One word as to the instruments used up to this time for determining altitudes. These were, in general, ordinary mercurial barometers, protected in various ways. Green encased his instrument in a simple metal tube, which admitted of the column of mercury being easily read. This instrument, which is generally to be seen held in his hand in Green's old portraits, might be mistaken for a mariner's telescope. It is now in the possession of the family of Spencers, the grandchildren of his old aeronautical friend and colleague, and it is stated that with all his care the glass was not infrequently broken in a descent.

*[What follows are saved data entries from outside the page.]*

Lemma Rblock_le g h N k : (forall m, (1 <= m)%nat -> g m <= h m) -> Rblock g N k <= Rblock h N k.
Proof. intros H. induction k; simpl; [lra|]. pose proof (H (S (N + k)) ltac:(lia)). lra. Qed.

Lemma Rblock_nonneg g N k : (forall m, 0 <= g m) -> 0 <= Rblock g N k.
Proof. intros H. induction k; simpl; [lra|]. pose proof (H (S (N + k))). lra. Qed.

Lemma Cblock_norm u N k :
  Cnorm (Csub (Csum_to u N) (Csum_to u (N + k))) <= Rblock (fun m => Cnorm (u m)) N k.
Proof.
  induction k.
  - rewrite Nat.add_0_r. replace (Csub (Csum_to u N) (Csum_to u N)) with Czero
      by (apply Cext; simpl; ring). rewrite Cnorm_zero; simpl; lra.
  - rewrite Nat.add_succ_r. simpl Rblock.
    replace (Csub (Csum_to u N) (Csum_to u (S (N + k))))
      with (Cadd (Csub (Csum_to u N) (Csum_to u (N + k))) (Copp (u (S (N + k)))))
      by (apply Cext; simpl; ring).
    eapply Rle_trans; [apply Cnorm_tri|]. rewrite Cnorm_opp. lra.
Qed.

(* The inductive step of the weighted Cauchy-Schwarz inequality. *)
Lemma cauchy_schwarz_step A W Q w z : 0 <= A -> 0 <= W -> 0 <= Q -> 0 <= w -> 0 <= z ->
  A ^ 2 <= W * Q -> (A + w * z) ^ 2 <= (W + w) * (Q + w * z ^ 2).
Proof.
  intros HA HW HQ Hw Hz H.
  assert (K : 0 <= W * z ^ 2 + Q - 2 * A * z).
  { destruct (Req_dec W 0) as [E|E].
    - subst. assert (A = 0) by nra. subst. nra.
    - assert (0 <= W * (W * z ^ 2 + Q - 2 * A * z)).
      { replace (W * (W * z ^ 2 + Q - 2 * A * z)) with ((W * z - A) ^ 2 + (W * Q - A ^ 2)) by ring.
        pose proof (pow2_ge_0 (W * z - A)). lra. }
      apply Rmult_le_reg_l with W; lra. }
  replace ((W + w) * (Q + w * z ^ 2))
    with (W * Q + w * (W * z ^ 2 + Q - 2 * A * z) + 2 * A * w * z + w * w * z ^ 2) by ring.
  assert (0 <= w * (W * z ^ 2 + Q - 2 * A * z)) by nra. nra.
Qed.

Lemma weighted_cauchy_schwarz w z N k : (forall m, 0 <= w m) -> (forall m, 0 <= z m) ->
  Rblock (fun m => w m * z m) N k ^ 2 <= Rblock w N k * Rblock (fun m => w m * z m ^ 2) N k.
Proof.
  intros Hw Hz. induction k; simpl Rblock; [lra|].
  apply cauchy_schwarz_step; auto.
  - apply Rblock_nonneg; intros; apply Rmult_le_pos; auto.
  - apply Rblock_nonneg; auto.
  - apply Rblock_nonneg; intros; apply Rmult_le_pos; auto. pose proof (Hz m); nra.
Qed.

Lemma kernel_block_continuous (al : nat -> R) N k x : 0 < x ->
  continuity_pt (fun x => Rblock (fun m => al m * (INR m / (1 + INR m * x) ^ 2)) N k) x.
Proof.
  intros Hx. induction k; cbn [Rblock]; [apply cont_const|]. apply cont_plus; auto.
  apply RationalKernel.kernel_continuous; [apply pos_INR|lra].
Qed.
Lemma follow_planted j s : 1 < m -> ~~ in_marked j ->
  follow planted (special s) (Tpath j) = Some (f j, j).
Proof.
move=> m_gt1 unmarked.
pose G p := if p is [::] then special s else node_cell p.
have G_tree q : q \in inner_paths (Ttree m) -> forall d,
    ptr d (planted (G ([::] ++ q))) = Some (G ([::] ++ rcons q d)).
  case: q => [|x q] q_inner d /=; first by rewrite planted_special; case: d.
  by rewrite planted_node ?mem_nonroot_inner //; case: d.
have := follow_labelled G_tree (Tpath_mem j); rewrite /= -node_cell_Tpath.
by case: (Tpath j) (Tpath_neq_nil j m_gt1).
Qed.

Lemma planted_h : 1 < m -> h_holds k n m planted.
Proof.
move=> m_gt1; exists b, special; split=> //; split.
  move=> j; rewrite marked_planted.
  by split=> [/existsP [s /eqP]|[s <-]]; [exists s | apply/existsP; exists s].
split.
  move=> s; split=> //; split; first by rewrite planted_special.
  by move=> i; case: (eqVneq i (f (b s))) => [//|i_ne]; rewrite planted_marked_blank.
split; first by move=> s; rewrite planted_special.
split; first by move=> s t; rewrite !planted_special.
move=> j /marked_planted /negP unmarked s; exists (f j, j).
by rewrite follow_planted // planted_zero.
Qed.

End PlantedInput.

Lemma card_free_cells n m k (f : {ffun 'I_m -> 'I_n}) Q (b : 'I_k -> 'I_m) :
  injective b -> n * (m - k) - (m + size Q) <= #|free_cells f Q b|.
Proof.
move=> b_inj; pose B := [set b s | s in 'I_k].
have unmarked_cells : [set c : cell n m | ~~ in_marked b c.2] = setX [set: 'I_n] (~: B).
  apply/setP => -[i j]; rewrite !inE; congr negb.
  by apply/existsP/imsetP => [[s /eqP <-]|[s _ ->]]; exists s.
have card_unmarked : #|[set c : cell n m | ~~ in_marked b c.2]| = n * (m - k).
  rewrite unmarked_cells cardsX cardsT card_ord; congr (_ * _).
  by have := cardsC B; rewrite card_ord card_imset // card_ord; lia.
have card_zeros : #|[set (f j, j) | j : 'I_m]| <= m.
  by apply: leq_trans (leq_imset_card _ _) _; rewrite card_ord.
have card_Q : #|[set c | c \in Q]| <= size Q by rewrite cardsE card_size.
rewrite /free_cells cardsD card_unmarked leq_sub2l //.
apply: leq_trans (subset_leq_card (subsetIr _ _)) _.
by apply: leq_trans (leq_card_setU _ _) _; apply: leq_add.
Qed.

Lemma sum_nat_of_bool_card (T : finType) (P : pred T) : \sum_(i : T) (P i : nat) = #|P|.
Proof.
by rewrite -sum1_card [RHS]big_mkcond /=; apply: eq_bigr => i _; rewrite unfold_in; case: (P i).
Qed.
(* semi-PCF c-colouring of (G,Y): a proper c-colouring of G - Y (only the
   values on V(G) \ Y matter) such that every vertex of
   V(G-Y) \ (N_G(Y) ∩ Z) has a colour appearing exactly once among its
   neighbours in G - Y. *)
Definition is_semi_PCF_coloring (c : nat) (Y : {set T}) (col : T -> 'I_c) : Prop :=
  (forall x y, x \notin Y -> y \notin Y -> e x y -> col x <> col y) /\
  (forall x, x \notin Y -> x \notin (nbr_set Y :&: Zset Y) ->
     has_unique_color col (nbr_del Y x)).

End Defs.

From mathcomp Require Import all_boot zify.
Set Implicit Arguments. Unset Strict Implicit. Unset Printing Implicit Defensive.

(* Let B be the set of neighbours of v of degree at least 3,
   so that 2 d(v) - 2 n_1(v) - n_2(v) = 2|B| + n_2(v). If c exceeds this, a
   semi-PCF colouring phi of (G, Y) extends to a PCF colouring of G that
   agrees with phi outside Y. Colour v by a colour alpha avoiding, for x in B,
   phi(x) and the unique colour of x in G - Y, and, for w in N_2(v), the
   colour of the second neighbour o(w) of w: at most 2|B| + n_2(v) colours.
   Then alpha is the unique colour around every vertex of N_1(v) and N_2(v),
   and a fixed w0 in N_2(v) gets a colour beta that makes it unique around v.
   A vertex x outside Y either keeps its unique colour of G - Y, or lies in Z:
   then its two neighbours in G - Y share a colour, and among its neighbours
   in Y (v, or degree-2 neighbours w with o(w) = x) one is given a colour
   seen nowhere else around x. Beta avoids |B| + 3 colours and every other
   choice at most four; both fit below c since c >= 5 and c > 2|B| + 1. *)

Section FreshColor.
Variables (c : nat) (k0 : 'I_c).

Wise, with characteristic ingenuity, devised a rough-and-ready height instrument, which he claims to have answered well. It consisted simply of a common porter bottle, to the neck of which was joined a bladder of the same capacity. The bottle being filled with air of the density of that on the ground, and the bladder tied on in a collapsed state, the expansion of the air in the bottle would gradually fill the bladder as it rose into the rarer regions of the atmosphere. Experience would then be trusted to enable the aeronaut to judge his height from the amount of inflation noticeable in the bladder.